# What physical phenomena are modelled by Chebyshev equation? [closed]

What physical phenomena are modeled by Chebyshev equation? The equation is below

$$(1-x^2) {d^2 y \over d x^2} - x {d y \over d x} + p^2 y ~=~ 0 .$$

I could not find it in Wikipedia or in Google (at least quickly). The answer should be simple for anyone who knows it.
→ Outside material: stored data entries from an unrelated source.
Lemma bsub_split_iso S : bclosed S ->
  biset_iso X Y U (bunion (bsub S) (bsub (~: S))).
Proof.
move=> HS; apply: biset_iso_sym.
pose g (s : bunion (bsub S) (bsub (~: S))) : U :=
  match s with inl a => val a | inr b => val b end.
exists g; split.
  apply: inj_card_bij; last by rewrite card_sum !card_bsub cardsC.
  move=> [a|b] [a'|b'] /= E.
  - by congr inl; apply: val_inj.
  - by move: (valP a) (valP b'); rewrite /= E inE => ->.
  - by move: (valP b) (valP a'); rewrite /= E inE => /negbTE ->.
  - by congr inr; apply: val_inj.
move=> x [a|b] y Hx Hy /=; rewrite insubdK //; first by apply: HS => //; exact: valP.
by apply: bclosedC => //; exact: valP.
Qed.

Definition borbit (u0 : U) : {set U} := [set bact U x u0 y | x in X, y in Y].

Lemma mem_borbit u0 : u0 \in borbit u0.
Proof. by apply/imset2P; exists 1%g 1%g; rewrite ?(bact1 HU). Qed.

Lemma bclosed_borbit u0 : bclosed (borbit u0).
Proof.
move=> x u y Hx Hy /imset2P [x' y' Hx' Hy' ->].
by apply/imset2P; exists (x * x')%g (y' * y)%g; rewrite ?groupM ?(bactM HU).
Qed.

Lemma btransitive_borbit u0 :
  btransitive X Y (bsub (borbit u0)) (Sub u0 (mem_borbit u0)).
Proof.
move=> s; have /imset2P [x y Hx Hy Es] := valP s.
by exists x, y; split=> //; apply: val_inj; rewrite bsub_val ?Es //; apply: bclosed_borbit.
Qed.

End SubBiset.

Section TransitiveFactorization.
Local Open Scope group_scope.
Variables (pT hT : finGroupType) (P : {group pT}) (H : {group hT}).
Variables (Y : biset pT hT) (HY : is_biset P H Y) (y0 : Y).

Definition bpt p h := bact Y p y0 h.

Lemma bpt_act q p h k : q \in P -> p \in P -> h \in H -> k \in H ->
  bact Y q (bpt p h) k = bpt (q * p) (h * k).
Proof. by move=> *; rewrite /bpt (bactM HY). Qed.

Lemma bpt_cong p h p' h' q k : p \in P -> h \in H -> p' \in P -> h' \in H ->
  q \in P -> k \in H -> bpt p h = bpt p' h' -> bpt (q * p) (h * k) = bpt (q * p') (h' * k).
Proof. by move=> ? ? ? ? ? ? E; rewrite -!bpt_act // E. Qed.

Lemma bpt_r p h : p \in P -> h \in H -> bpt p h = bact Y 1 (bpt p 1) h.
Proof. by move=> *; rewrite bpt_act ?group1 // mul1g mul1g. Qed.

Lemma bpt_l p h : p \in P -> h \in H -> bpt p h = bact Y p (bpt 1 h) 1.
Proof. by move=> *; rewrite bpt_act ?group1 // mulg1 mulg1. Qed.

(* With L the stabiliser of y0 in P x H, [linkH] is p2(L), [stabH] is k2(L) and
   [sectH] is the section p2(L)/k2(L). *)
Definition linkH := [set h in H | [exists p in P, bpt p 1 == bpt 1 h]].
Definition stabH := [set h in H | bpt 1 h == bpt 1 1].

Lemma linkHP h : reflect (h \in H /\ exists2 p, p \in P & bpt p 1 = bpt 1 h) (h \in linkH).
Proof.
rewrite inE; apply: (iffP andP) => [[Hh /existsP [p /andP [Hp /eqP E]]]|[Hh [p Hp E]]].
  by split => //; exists p.
by split => //; apply/existsP; exists p; rewrite Hp E eqxx.
Qed.

Lemma stabHP h : reflect (h \in H /\ bpt 1 h = bpt 1 1) (h \in stabH).
Proof. by rewrite inE; apply: (iffP andP) => [[? /eqP]|[? ->]]. Qed.

Lemma group_set_linkH : group_set linkH.
Proof.
apply/group_setP; split.
  by apply/linkHP; split; [exact: group1 | exists 1].
move=> h1 h2 /linkHP [H1 [p1 P1 E1]] /linkHP [H2 [p2 P2 E2]]; apply/linkHP.
split; first exact: groupM.
exists (p1 * p2); first exact: groupM.
have := bpt_cong (group1 _) H2 P2 (group1 _) P1 (group1 _) (esym E2).
rewrite !mulg1 => <-.
have := bpt_cong P1 (group1 _) (group1 _) H1 (group1 _) H2 E1.
by rewrite !mul1g => ->.
Qed.

Lemma group_set_stabH : group_set stabH.
Proof.
apply/group_setP; split; first by apply/stabHP; split; [exact: group1|].
move=> h1 h2 /stabHP [H1 E1] /stabHP [H2 E2]; apply/stabHP.
split; first exact: groupM.
have := bpt_cong (group1 _) H1 (group1 _) (group1 _) (group1 _) H2 E1.
by rewrite !mul1g => ->.
Qed.

Canonical linkH_group := Group group_set_linkH.
Canonical stabH_group := Group group_set_stabH.

Lemma stabH_sub : stabH \subset linkH.
Proof.
apply/subsetP => t /stabHP [Ht E]; apply/linkHP; split => //; exists 1 => //.
Qed.

Lemma bpt_stabH p h t : p \in P -> h \in H -> t \in stabH -> bpt p (t * h) = bpt p h.
Proof.
move=> Hp Hh /stabHP [Ht E].
have := bpt_cong (group1 _) Ht (group1 _) (group1 _) Hp Hh E.
by rewrite !mulg1 mul1g.
Qed.

Lemma linkH_norm : linkH \subset 'N(stabH).
Proof.
apply/subsetP => h /linkHP [Hh [p Hp E]]; rewrite inE; apply/subsetP => x.
case/imsetP => t Ht ->; apply/stabHP; have Ht' : t \in H.
  by move: Ht => /stabHP [].
split; first by rewrite groupJ.
have E1 : bpt 1 h^-1 = bpt p^-1 1.
  have := bpt_cong Hp (group1 _) (group1 _) Hh (groupVr Hp) (groupVr Hh) E.
  by rewrite mulVg mulgV mul1g mulg1.
rewrite /conjg.
have := bpt_cong (group1 _) (groupVr Hh) (groupVr Hp) (group1 _) (group1 _) (groupM Ht' Hh) E1.
rewrite !mul1g => ->.
rewrite bpt_stabH ?groupVr //.
have := bpt_cong Hp (group1 _) (group1 _) Hh (groupVr Hp) (group1 _) E.
by rewrite mulVg !mulg1 ?mul1g => <-.
Qed.

Lemma stabH_normal : stabH <| linkH.
Proof. by rewrite /normal stabH_sub linkH_norm. Qed.

Local Notation kT := (coset_of stabH_group).
Definition sectH := (linkH_group / stabH_group)%G.
Local Notation K := sectH.

Lemma linkH_sub : linkH \subset H.
Proof. by apply/subsetP => h /linkHP []. Qed.

Lemma linkH_in h : h \in linkH -> h \in H.
Proof. by move/linkHP => []. Qed.

Lemma repr_sectH kk : kk \in K -> repr kk \in linkH.
Proof.
case/morphimP => z Nz Sz ->; have := mem_repr_coset (coset stabH_group z).
rewrite val_coset // => /rcosetP [t Ht ->]; apply: groupM => //.
exact: (subsetP stabH_sub).
Qed.

Lemma bpt_repr_coset p h r : p \in P -> h \in H -> r \in linkH ->
  bpt p (repr (coset stabH_group r) * h) = bpt p (r * h).
Proof.
move=> Hp Hh Hr; have Nr : r \in 'N(stabH_group) := subsetP linkH_norm r Hr.
have := mem_repr_coset (coset stabH_group r); rewrite val_coset // => /rcosetP [t Ht ->].
by rewrite -mulgA (bpt_stabH (t:=t)) // groupM // linkH_in.
Qed.

Lemma bpt_reprM p h k1 k2 : p \in P -> h \in H -> k1 \in K -> k2 \in K ->
  bpt p (repr (k1 * k2) * h) = bpt p (repr k1 * repr k2 * h).
Proof.
move=> Hp Hh K1 K2.
have -> : k1 * k2 = coset stabH_group (repr k1 * repr k2).
  by rewrite morphM ?repr_coset_norm // /= !coset_reprK.
by rewrite bpt_repr_coset // groupM // repr_sectH.
Qed.

Lemma bpt_reprV p h r : p \in P -> h \in H -> r \in linkH ->
  bpt p (repr (coset stabH_group r)^-1 * h) = bpt p (r^-1 * h).
Proof.
move=> Hp Hh Hr; have Nr : r \in 'N(stabH_group) := subsetP linkH_norm r Hr.
by rewrite -morphV // bpt_repr_coset // groupV.
Qed.

Definition plink r := odflt 1 [pick p in P | bpt p 1 == bpt 1 r].

Lemma plinkP r : r \in linkH -> plink r \in P /\ bpt (plink r) 1 = bpt 1 r.
Proof.
move=> /linkHP [Hr [p Hp E]]; rewrite /plink; case: pickP => [q /andP [Hq /eqP Eq]|H0] //=.
by have := H0 p; rewrite Hp E eqxx.
Qed.

Definition orbP_set := [set y : Y | [exists p in P, y == bpt p 1]].
Definition orbH_set := [set y : Y | [exists h in H, y == bpt 1 h]].

Lemma orbPP y : reflect (exists2 p, p \in P & y = bpt p 1) (y \in orbP_set).
Proof.
rewrite inE; apply: (iffP existsP) => [[p /andP [Hp /eqP E]]|[p Hp E]].
  by exists p.
by exists p; rewrite Hp E eqxx.
Qed.

Lemma orbHP y : reflect (exists2 h, h \in H & y = bpt 1 h) (y \in orbH_set).
Proof.
rewrite inE; apply: (iffP existsP) => [[h /andP [Hh /eqP E]]|[h Hh E]].
  by exists h.
by exists h; rewrite Hh E eqxx.
Qed.

Definition orbP : biset pT kT :=
  @Biset pT kT {y : Y | y \in orbP_set}
    (fun p a kk => insubd a (bact Y p (val a) (repr kk))).

Definition orbH : biset kT hT :=
  @Biset kT hT {y : Y | y \in orbH_set}
    (fun kk b h => insubd b (bact Y (plink (repr kk)) (val b) h)).

Lemma orbP_val (a : orbP) : exists2 q, q \in P & val a = bpt q 1.
Proof. by apply/orbPP; exact: (valP a). Qed.

Lemma orbH_val (b : orbH) : exists2 h, h \in H & val b = bpt 1 h.
Proof. by apply/orbHP; exact: (valP b). Qed.

Lemma orbP_act p (a : orbP) kk : p \in P -> kk \in K ->
  val (bact orbP p a kk) = bact Y p (val a) (repr kk).
Proof.
move=> Hp Hk /=; rewrite insubdK //.
have [q Hq ->] := orbP_val a; have Hr := repr_sectH Hk; have [Pr Er] := plinkP Hr.
apply/orbPP; exists (p * q * plink (repr kk)); first by rewrite !groupM.
rewrite bpt_act ?linkH_in // mul1g.
have := bpt_cong Pr (group1 _) (group1 _) (linkH_in Hr) (groupM Hp Hq) (group1 _) Er.
by rewrite !mulg1 => ->.
Qed.
(** * Pajor's lemma *)

Lemma card_shattered_sub_slices D x W :
  #|shattered_sub (slice D x false) W| + #|shattered_sub (slice D x true) W|
    <= #|shattered_sub D (x |: W)|.
Proof.
set U0 := shattered_sub _ W; set U1 := shattered_sub _ W.
have x_notin b A : A \in shattered_sub (slice D x b) W -> x \notin A.
  by rewrite !inE => /andP[/notin_shattered_slice].
set J := [set x |: A | A in U0 :&: U1].
have card_J : #|J| = #|U0 :&: U1|.
  apply: card_in_imset => A B /setIP[/x_notin xA _] /setIP[/x_notin xB _] eqAB.
  by rewrite -(setU1K xA) eqAB setU1K.
have disj_J : [disjoint U0 :|: U1 & J].
  rewrite disjoints_subset; apply/subsetP => A /setUP[]/x_notin xA;
  by rewrite inE; apply: contra xA => /imsetP[B _ ->]; rewrite setU11.
have card_UJ : #|U0 :|: U1 :|: J| = #|U0 :|: U1| + #|J|.
  by apply/eqP; rewrite (leq_card_setU _ _).2.
rewrite -cardsUI -card_J -card_UJ.
apply: subset_leq_card; apply/subsetP => A; rewrite inE => /orP[|].
  case/setUP; rewrite !inE => /andP[shA sAW];
  by rewrite (shattersS (slice_sub _ _ _) shA) (subset_trans sAW) ?subsetUr.
case/imsetP=> B /setIP[]; rewrite !inE => /andP[sh0 sBW] /andP[sh1 _] ->.
by rewrite shatters_setU1_slices // setUS.
Qed.

Lemma shattered_sub_setT D : shattered_sub D setT = shattered_sets D.
Proof. by apply/setP => A; rewrite !inE subsetT andbT. Qed.

Lemma card_le_shattered D : #|D| <= #|shattered_sets D|.
Proof.
have [n] := ubnP #|D|; elim: n D => // n IH D ltDn.
have [le1|] := leqP #|D| 1.
  have [->|[d dD]] := set_0Vmem D; first by rewrite cards0.
  apply: leq_trans le1 _; rewrite card_gt0; apply/set0Pn; exists set0.
  by rewrite inE; apply/shattersP => Z; rewrite subset0 => /eqP ->; exists d; rewrite ?setI0.
case/card_gt1P => d [d' [dD d'D ndd']].
have [x xdd'] : exists x, (x \in d) != (x \in d').
  apply/existsP; apply: contraNT ndd' => /existsPn same.
  by apply/eqP/setP => y; apply/eqP/negbNE/same.
have slice_gt0 b : 0 < #|slice D x b|.
  apply/card_gt0P; have [xdb|xdb] := eqVneq (x \in d) b.
    by exists d; rewrite inE dD xdb eqxx.
  exists d'; rewrite inE d'D /=; move: xdd' xdb.
  by case: b (x \in d) (x \in d') => [] [] [].
have slice_lt b : #|slice D x b| < n.
  by move: ltDn (slice_gt0 (~~ b)); rewrite -(card_slices D x); case: b => /=; lia.
have := card_shattered_sub_slices D x setT.
rewrite setUT !shattered_sub_setT -(card_slices D x).
by move: (IH _ (slice_lt false)) (IH _ (slice_lt true)); lia.
Qed.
I think the answer to such a question should be quickly available but, it's not.

The Legendre polynomials arise naturally when solving the Poisson equation for a system with spherical symmetry (such as the hydrogen atom).

The Bessel functions arise naturally when solving the Poisson equation for a system with cylindrical symmetry.

In essentially the same way, the Chebyshev equation and its solutions arise when you consider a problem using an elliptical coordinate system.

I remember a side comment (perhaps in Arfken & Weber?) that all the named "special functions" arise from solving the Poisson equation in different coordinate systems. (I forget which one is toroidal coordinates.)

Despite the similarity of Chebyshev's equation with Legendre's equation, it does not occur often in physics or engineering, however, solutions of Chebyshev's equation are of much importance in topics of numerical analysis such as solution to partial differential equations, smoothing of data and others. While, on the other hand, its close associate Legendre's equation occurs quite often in areas such as electrodynamics and quantum mechanics, among others.

However, if you consider Chebyshev polynomials, they are of tremendous use in case of physical sciences.The Orr-Sommerfeld equation is solved numerically using expansions in Chebyshev polynomials.Then again,these polynomials find extensive use in the optimal control of time-varying linear systems.These are some major applications. Further more, I am linking the Google search page for your interest, if you like.

Chebyshev polynomials are also used in observations of oscillation phenomena, a notable example being the systems of two independent oscillators which plot the Lissajous curves. Chebyshev polynomials arise naturally when considering Lissajous curves with $a=1$ and $b=N$, which turn out to be Chebyshev polynomials of the first kind of degree N.

Anyone who's ever played with an oscilloscope knows that if the ratio of frequencies of some alternating currents passing through the oscilloscope is a natural number (i.e. ${\omega}_{2}=N{\omega}_{1}$) is aware that the oscilloscope plots a line, a parabola etc. (if phases are alligned, or else the curve becomes a general Lissajous curve), those being the first two polynomials.